(* Let $G$ be an upward planar single-source digraph with maximum in- and outdegree at most two. Then in every upward planar embedding of $G$, no edge of $G$ is a bad edge with respect to the outer face.
   Context: A planar drawing of a digraph is upward if every edge $(u,v)$ is drawn as a curve strictly increasing in $y$ from $u$ to $v$; an upward planar embedding is the equivalence class of upward planar drawings with the same left-to-right orderings of incoming edges and of outgoing edges around each vertex. A single-source digraph has exactly one vertex of indegree zero. If a vertex has two incoming (outgoing) edges, these are its left and right incoming (outgoing) edges according to the embedding. An edge $e=(u,v)$ is bad with respect to face $f$ if either $e$ is the left outgoing edge of $u$ and the left incoming edge of $v$ and $f$ is the face to the right of $e$, or $e$ is the right outgoing edge of $u$ and the right incoming edge of $v$ and $f$ is the face to the left of $e$. *)

From mathcomp Require Import all_boot.
From Stdlib Require Import Reals.
Set Implicit Arguments. Unset Strict Implicit. Unset Printing Implicit Defensive.

Definition outdeg (V : finType) (E : rel V) (u : V) : nat := #|[set w | E u w]|.
Definition indeg (V : finType) (E : rel V) (u : V) : nat := #|[set w | E w u]|.

Definition single_source (V : finType) (E : rel V) : Prop :=
  #|[set w | indeg E w == 0]| = 1.

Definition max_inout_deg_le2 (V : finType) (E : rel V) : Prop :=
  forall u, indeg E u <= 2 /\ outdeg E u <= 2.

Local Open Scope R_scope.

▶ _Work task_: Determine how many lines in the data contain the string "finType", and give the number only.

▶ _Problem solution_: 4